Fort Greene Peace To Rally Outside Debate, Call On Clinton And Sanders To Cut War Spending
Image via Google Maps.
Image via Google Maps.

We’re just two days away from the big Democratic Party presidential debate between frontrunner Hillary Clinton and Bernie Sanders on Thursday night inside the Brooklyn Navy Yard and a lot of residents are eagerly wondering what the two candidates will talk about.

For the members of Fort Greene Peace and Brooklyn For Peace, though, they’re not content to just sit back and wait: they’re planning a rally outside the Yard’s Sand Street gate (at the intersection of Sands and Navy Streets) at 6:30pm this Thursday, April 14.

Why? To demand that the candidates focus on what they believe is a need to reduce “war spending,” or the budget allocated to military and defense efforts. In a statement, they described it as a “need to move the money from war to our communities.”

Image by Wikipedia and Nick Solari.
Image by Wikipedia and Nick Solari.

“The campaigns for president are either calling for even more military spending or just ignoring the issue altogether,” said Charlotte Phillips, MD, chair of Brooklyn For Peace. Phillips describes the federal discretionary budget as poor prioritization, “diverting sixty cents of every dollar to fund the Pentagon and weapons industry [at the expense of] a failing economy and continuing deterioration to our cities and communities.

“We cannot even begin to heal our stressed environment, repair our crumbling infrastructure, build a 21st century public school system, enjoy modern mass transit, create truly affordable housing, train and employ people in decent, middle-class jobs and abolish poverty, homelessness and hunger while we continue on this destructive path of funding war over human needs,” Phillips added.

Fort Greene Peace’s Ed Goldman agreed, noting that the debate’s location is also prohibitive to community-focused discourse.
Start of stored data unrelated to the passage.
(* Let $M,N$ be $\lambda$-terms. (1) $M\simeq_\beta N$ iff $M^n\simeq_v N^n$ iff $M^n\simeq_b N^n$. (2) $M$ is $\beta$-normal iff $M^n$ is $v$-normal iff $M^n$ is $b$-normal; and $M$ is $w\beta$-normal iff $M^n$ is $wv$-normal iff $M^n$ is $wb$-normal.
   Context: Bang calculus. The set $!\Lambda$ of terms is $T,S,R ::= x \mid \lambda x.T \mid T\,S \mid \mathrm{der}\,T \mid\ !T$; $\lambda$ the only binder, up to $\alpha$-conversion, $T\{S/x\}$ capture-avoiding substitution. Contexts: $C ::= [\cdot] \mid \lambda x.C \mid C\,T \mid T\,C \mid \mathrm{der}\,C \mid\ !C$; ground contexts: $W ::= [\cdot] \mid \lambda x.W \mid W\,T \mid T\,W \mid \mathrm{der}\,W$. Root steps: $(\lambda x.T)(!S)\mapsto_v T\{S/x\}$, $\mathrm{der}(!T)\mapsto_d T$, $\mapsto_b\,=\,\mapsto_v\cup\mapsto_d$. For $r\in\{v,d,b\}$, $\to_r$ is the closure of $\mapsto_r$ under contexts and $\to_{wr}$ its closure under ground contexts. $\lambda$-calculus: $M,N ::= x\mid\lambda x.M\mid MN$; $\to_\beta$ is the closure of $(\lambda x.M)N\mapsto_\beta M\{N/x\}$ under all $\lambda$-contexts $C ::= [\cdot]\mid \lambda x.C\mid C\,M\mid M\,C$, and $\to_{w\beta}$ its closure under CbN ground contexts $N ::= [\cdot]\mid\lambda x.N\mid N\,M$. CbN translation: $x^n=x$, $(\lambda x.M)^n=\lambda x.M^n$, $(MN)^n=M^n\,(!N^n)$. For a relation $\to_r$: $\simeq_r$ is its reflexive-symmetric-transitive closure; a term is $r$-normal if it has no $\to_r$-successor. *)

(* Terms are represented with de Bruijn indices, so that
   alpha-conversion is built in; substitution is capture-avoiding
   parallel substitution (sigma-calculus style). *)
From Stdlib Require Import Relations.

Inductive lterm : Type :=
| lvar : nat -> lterm
| llam : lterm -> lterm
| lapp : lterm -> lterm -> lterm.

Definition upren (xi : nat -> nat) : nat -> nat :=
  fun n => match n with 0 => 0 | S m => S (xi m) end.

Fixpoint lren (xi : nat -> nat) (M : lterm) : lterm :=
  match M with
  | lvar n => lvar (xi n)
  | llam M => llam (lren (upren xi) M)
  | lapp M N => lapp (lren xi M) (lren xi N)
  end.

Definition lup (s : nat -> lterm) : nat -> lterm :=
  fun n => match n with 0 => lvar 0 | S m => lren S (s m) end.

Fixpoint lsubst (s : nat -> lterm) (M : lterm) : lterm :=
  match M with
  | lvar n => s n
  | llam M => llam (lsubst (lup s) M)
  | lapp M N => lapp (lsubst s M) (lsubst s N)
  end.

(* M{N/x}, x being the variable bound by the outer lambda (index 0) *)
Definition lsubst1 (N : lterm) (M : lterm) : lterm :=
  lsubst (fun n => match n with 0 => N | S m => lvar m end) M.

Inductive beta : lterm -> lterm -> Prop :=
| beta_root M N : beta (lapp (llam M) N) (lsubst1 N M)
| beta_lam M M' : beta M M' -> beta (llam M) (llam M')
| beta_appl M M' N : beta M M' -> beta (lapp M N) (lapp M' N)
| beta_appr M N N' : beta N N' -> beta (lapp M N) (lapp M N').

Inductive wbeta : lterm -> lterm -> Prop :=
| wbeta_root M N : wbeta (lapp (llam M) N) (lsubst1 N M)
| wbeta_lam M M' : wbeta M M' -> wbeta (llam M) (llam M')
| wbeta_appl M M' N : wbeta M M' -> wbeta (lapp M N) (lapp M' N).

Inductive bterm : Type :=
| bvar : nat -> bterm
| blam : bterm -> bterm
| bapp : bterm -> bterm -> bterm
| bder : bterm -> bterm
| bbang : bterm -> bterm.

Fixpoint bren (xi : nat -> nat) (T : bterm) : bterm :=
  match T with
  | bvar n => bvar (xi n)
  | blam T => blam (bren (upren xi) T)
  | bapp T Q => bapp (bren xi T) (bren xi Q)
  | bder T => bder (bren xi T)
  | bbang T => bbang (bren xi T)
  end.

Definition bup (s : nat -> bterm) : nat -> bterm :=
  fun n => match n with 0 => bvar 0 | S m => bren S (s m) end.

Fixpoint bsubst (s : nat -> bterm) (T : bterm) : bterm :=
  match T with
  | bvar n => s n
  | blam T => blam (bsubst (bup s) T)
  | bapp T Q => bapp (bsubst s T) (bsubst s Q)
  | bder T => bder (bsubst s T)
  | bbang T => bbang (bsubst s T)
  end.

Definition bsubst1 (Q : bterm) (T : bterm) : bterm :=
  bsubst (fun n => match n with 0 => Q | S m => bvar m end) T.

Inductive root_v : bterm -> bterm -> Prop :=
| root_v_intro T Q : root_v (bapp (blam T) (bbang Q)) (bsubst1 Q T).
Inductive root_d : bterm -> bterm -> Prop :=
| root_d_intro T : root_d (bder (bbang T)) T.
Definition root_b (T T' : bterm) : Prop := root_v T T' \/ root_d T T'.

Inductive bstep (r : bterm -> bterm -> Prop) : bterm -> bterm -> Prop :=
| bstep_root T T' : r T T' -> bstep r T T'
| bstep_lam T T' : bstep r T T' -> bstep r (blam T) (blam T')
| bstep_appl T T' Q : bstep r T T' -> bstep r (bapp T Q) (bapp T' Q)
| bstep_appr T Q R2 : bstep r Q R2 -> bstep r (bapp T Q) (bapp T R2)
| bstep_der T T' : bstep r T T' -> bstep r (bder T) (bder T')
| bstep_bang T T' : bstep r T T' -> bstep r (bbang T) (bbang T').

Inductive bwstep (r : bterm -> bterm -> Prop) : bterm -> bterm -> Prop :=
| bwstep_root T T' : r T T' -> bwstep r T T'
| bwstep_lam T T' : bwstep r T T' -> bwstep r (blam T) (blam T')
| bwstep_appl T T' Q : bwstep r T T' -> bwstep r (bapp T Q) (bapp T' Q)
| bwstep_appr T Q R2 : bwstep r Q R2 -> bwstep r (bapp T Q) (bapp T R2)
| bwstep_der T T' : bwstep r T T' -> bwstep r (bder T) (bder T').

Definition step_v := bstep root_v.
Definition step_d := bstep root_d.
Definition step_b := bstep root_b.
Definition step_wv := bwstep root_v.
Definition step_wb := bwstep root_b.

Definition conv {A : Type} (R : relation A) : relation A := clos_refl_sym_trans A R.
Definition normal {A : Type} (R : relation A) (t : A) : Prop := forall t', ~ R t t'.

Fixpoint cbn (M : lterm) : bterm :=
  match M with
  | lvar n => bvar n
  | llam M => blam (cbn M)
  | lapp M N => bapp (cbn M) (bbang (cbn N))
  end.

(* The CbN translation is a strict simulation of beta by v: a beta-redex
   (\x.M) N becomes the v-redex (\x.M^n) (!N^n), and the translation commutes
   with substitution.  Conversely, the image of the translation contains no
   d-redex, and each of its v-redexes sits where M has a beta-redex, so normal
   forms correspond.  For conversion, the erasure of der and ! is a left
   inverse of the translation which maps every b-step to a beta-conversion. *)
From Stdlib Require Import Relations.

Section Closures.

Context {A B : Type}.

Lemma conv_map_conv (R : relation A) (R' : relation B) (f : A -> B) :
  (forall x y, R x y -> conv R' (f x) (f y)) ->
  forall x y, conv R x y -> conv R' (f x) (f y).
Proof.
  intros Hf x y Hxy; induction Hxy.
  - now apply Hf.
  - apply rst_refl.
  - now apply rst_sym.
  - eapply rst_trans; eassumption.
Qed.

Lemma conv_map (R : relation A) (R' : relation B) (f : A -> B) :
  (forall x y, R x y -> R' (f x) (f y)) ->
  forall x y, conv R x y -> conv R' (f x) (f y).
Proof. intros Hf; apply conv_map_conv; intros x y Hxy; now apply rst_step, Hf. Qed.

Lemma normal_map_iff (R : relation A) (R' : relation B) (f : A -> B) :
  (forall x y, R x y -> R' (f x) (f y)) ->
  (forall x t, R' (f x) t -> exists y, R x y) ->
  forall x, normal R x <-> normal R' (f x).
Proof.
  intros Hsim Hrefl x; split.
  - intros Hx t Ht; destruct (Hrefl x t Ht) as [y Hy]; exact (Hx y Hy).
  - intros Hfx y Hy; exact (Hfx _ (Hsim x y Hy)).
Qed.

End Closures.

Lemma bstep_mono (r r' : relation bterm) :
  (forall T T', r T T' -> r' T T') -> forall T T', bstep r T T' -> bstep r' T T'.
Proof. intros Hr T T' H; induction H; solve [constructor; auto]. Qed.

Lemma bwstep_mono (r r' : relation bterm) :
  (forall T T', r T T' -> r' T T') -> forall T T', bwstep r T T' -> bwstep r' T T'.
Proof. intros Hr T T' H; induction H; solve [constructor; auto]. Qed.

Lemma step_v_b T T' : step_v T T' -> step_b T T'.
Proof. apply bstep_mono; now left. Qed.

Lemma step_wv_wb T T' : step_wv T T' -> step_wb T T'.
Proof. apply bwstep_mono; now left. Qed.

Lemma cbn_ren M xi : cbn (lren xi M) = bren xi (cbn M).
Proof. revert xi; induction M; intros; simpl; congruence. Qed.

Lemma cbn_subst M s s' : (forall n, s' n = cbn (s n)) ->
  cbn (lsubst s M) = bsubst s' (cbn M).
Proof.
  revert s s'; induction M; intros s s' Hs; simpl.
  - now rewrite Hs.
  - f_equal; apply IHM; intros [|n]; simpl; [reflexivity|].
    now rewrite Hs, cbn_ren.
  - now rewrite (IHM1 s s' Hs), (IHM2 s s' Hs).
Qed.

Lemma cbn_subst1 N M : cbn (lsubst1 N M) = bsubst1 (cbn N) (cbn M).
Proof. apply cbn_subst; now intros [|n]. Qed.

Lemma cbn_beta M M' : beta M M' -> step_v (cbn M) (cbn M').
Proof.
  induction 1; simpl.
  - rewrite cbn_subst1; now do 2 constructor.
  - now apply bstep_lam.
  - now apply bstep_appl.
  - now apply bstep_appr, bstep_bang.
Qed.

Lemma cbn_wbeta M M' : wbeta M M' -> step_wv (cbn M) (cbn M').
Proof.
  induction 1; simpl.
  - rewrite cbn_subst1; now do 2 constructor.
  - now apply bwstep_lam.
  - now apply bwstep_appl.
Qed.

Lemma root_b_cbn_inv M T :
  root_b (cbn M) T -> exists M1 N, M = lapp (llam M1) N.
Proof. destruct M as [n|M|[| |] N]; intros [H|H]; inversion H; eauto. Qed.

Lemma step_b_cbn_inv M T : step_b (cbn M) T -> exists M', beta M M'.
Proof.
  revert T; induction M as [n|M IHM|M IHM N IHN]; intros T H;
    inversion H as [? ? Hr| ? ? H'| ? ? ? H'| ? ? ? H'| |]; subst;
    try (destruct (root_b_cbn_inv _ _ Hr) as [M1 [N1 ->]]; eauto using beta).
  - destruct (IHM _ H') as [M' HM]; eauto using beta.
  - destruct (IHM _ H') as [M' HM]; eauto using beta.
  - inversion H' as [? ? [Hr|Hr]| | | | | ? ? HN]; subst; [inversion Hr ..|].
    destruct (IHN _ HN) as [N' HN']; eauto using beta.
Qed.

Lemma step_wb_cbn_inv M T : step_wb (cbn M) T -> exists M', wbeta M M'.
Proof.
  revert T; induction M as [n|M IHM|M IHM N IHN]; intros T H;
    inversion H as [? ? Hr| ? ? H'| ? ? ? H'| ? ? ? H'|]; subst;
    try (destruct (root_b_cbn_inv _ _ Hr) as [M1 [N1 ->]]; eauto using wbeta).
  - destruct (IHM _ H') as [M' HM]; eauto using wbeta.
  - destruct (IHM _ H') as [M' HM]; eauto using wbeta.
  - inversion H' as [? ? [Hr|Hr]| | | |]; inversion Hr.
Qed.

Fixpoint erase (T : bterm) : lterm :=
  match T with
  | bvar n => lvar n
  | blam T => llam (erase T)
  | bapp T Q => lapp (erase T) (erase Q)
  | bder T => erase T
  | bbang T => erase T
  end.

Lemma erase_cbn M : erase (cbn M) = M.
Proof. induction M; simpl; congruence. Qed.

Lemma erase_ren T xi : erase (bren xi T) = lren xi (erase T).
Proof. revert xi; induction T; intros; simpl; congruence. Qed.

Lemma erase_subst T s s' : (forall n, s' n = erase (s n)) ->
  erase (bsubst s T) = lsubst s' (erase T).
Proof.
  revert s s'; induction T; intros s s' Hs; simpl.
  - now rewrite Hs.
  - f_equal; apply IHT; intros [|n]; simpl; [reflexivity|].
    now rewrite Hs, erase_ren.
  - now rewrite (IHT1 s s' Hs), (IHT2 s s' Hs).
  - now apply IHT.
  - now apply IHT.
Qed.

Lemma erase_subst1 Q T : erase (bsubst1 Q T) = lsubst1 (erase Q) (erase T).
Proof. apply erase_subst; now intros [|n]. Qed.

Lemma erase_step_b T T' : step_b T T' -> conv beta (erase T) (erase T').
Proof.
  induction 1 as [T T' [Hr|Hr]| | | | |]; simpl; try assumption.
  - destruct Hr; rewrite erase_subst1; now do 2 constructor.
  - destruct Hr; apply rst_refl.
  - now apply (conv_map beta beta llam beta_lam).
  - now apply (conv_map beta beta (fun M => lapp M (erase Q)) (fun M M' H => beta_appl M M' _ H)).
  - now apply (conv_map beta beta (lapp (erase T)) (beta_appr (erase T))).
Qed.

Theorem mainTheorem8 (M N : lterm) :
  ((conv beta M N <-> conv step_v (cbn M) (cbn N)) /\
   (conv step_v (cbn M) (cbn N) <-> conv step_b (cbn M) (cbn N))) /\
  ((normal beta M <-> normal step_v (cbn M)) /\
   (normal step_v (cbn M) <-> normal step_b (cbn M)) /\
   (normal wbeta M <-> normal step_wv (cbn M)) /\
   (normal step_wv (cbn M) <-> normal step_wb (cbn M))).
Proof.
  assert (beta_v : conv beta M N -> conv step_v (cbn M) (cbn N))
    by apply (conv_map _ _ cbn cbn_beta).
  assert (v_b : conv step_v (cbn M) (cbn N) -> conv step_b (cbn M) (cbn N))
    by apply (conv_map _ _ (fun T => T) step_v_b).
  assert (b_beta : conv step_b (cbn M) (cbn N) -> conv beta M N).
  { intros H; rewrite <- (erase_cbn M), <- (erase_cbn N).
    exact (conv_map_conv _ _ erase erase_step_b _ _ H). }
  assert (beta_nv : normal beta M <-> normal step_v (cbn M)).
  { apply normal_map_iff; [exact cbn_beta|].
    intros x t Ht; exact (step_b_cbn_inv x t (step_v_b _ _ Ht)). }
  assert (beta_nb : normal beta M <-> normal step_b (cbn M)).
  { apply normal_map_iff; [|exact step_b_cbn_inv].
    intros x y Hxy; exact (step_v_b _ _ (cbn_beta x y Hxy)). }
  assert (wbeta_nwv : normal wbeta M <-> normal step_wv (cbn M)).
  { apply normal_map_iff; [exact cbn_wbeta|].
    intros x t Ht; exact (step_wb_cbn_inv x t (step_wv_wb _ _ Ht)). }
  assert (wbeta_nwb : normal wbeta M <-> normal step_wb (cbn M)).
  { apply normal_map_iff; [|exact step_wb_cbn_inv].
    intros x y Hxy; exact (step_wv_wb _ _ (cbn_wbeta x y Hxy)). }
  repeat split; tauto.
Qed.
“It’s unfortunate it’s in a location that has limited access. tucked away in a place that no one can get near and will have a relatively small audience,” Goldman told us. “For example, it could have been at Brooklyn Tech HS which has an auditorium 2.5 times the size at the Navy Yard. And more people of any persuasion could have been there, and they could have put a screen in the park for people to watch.But the Party wants more control.”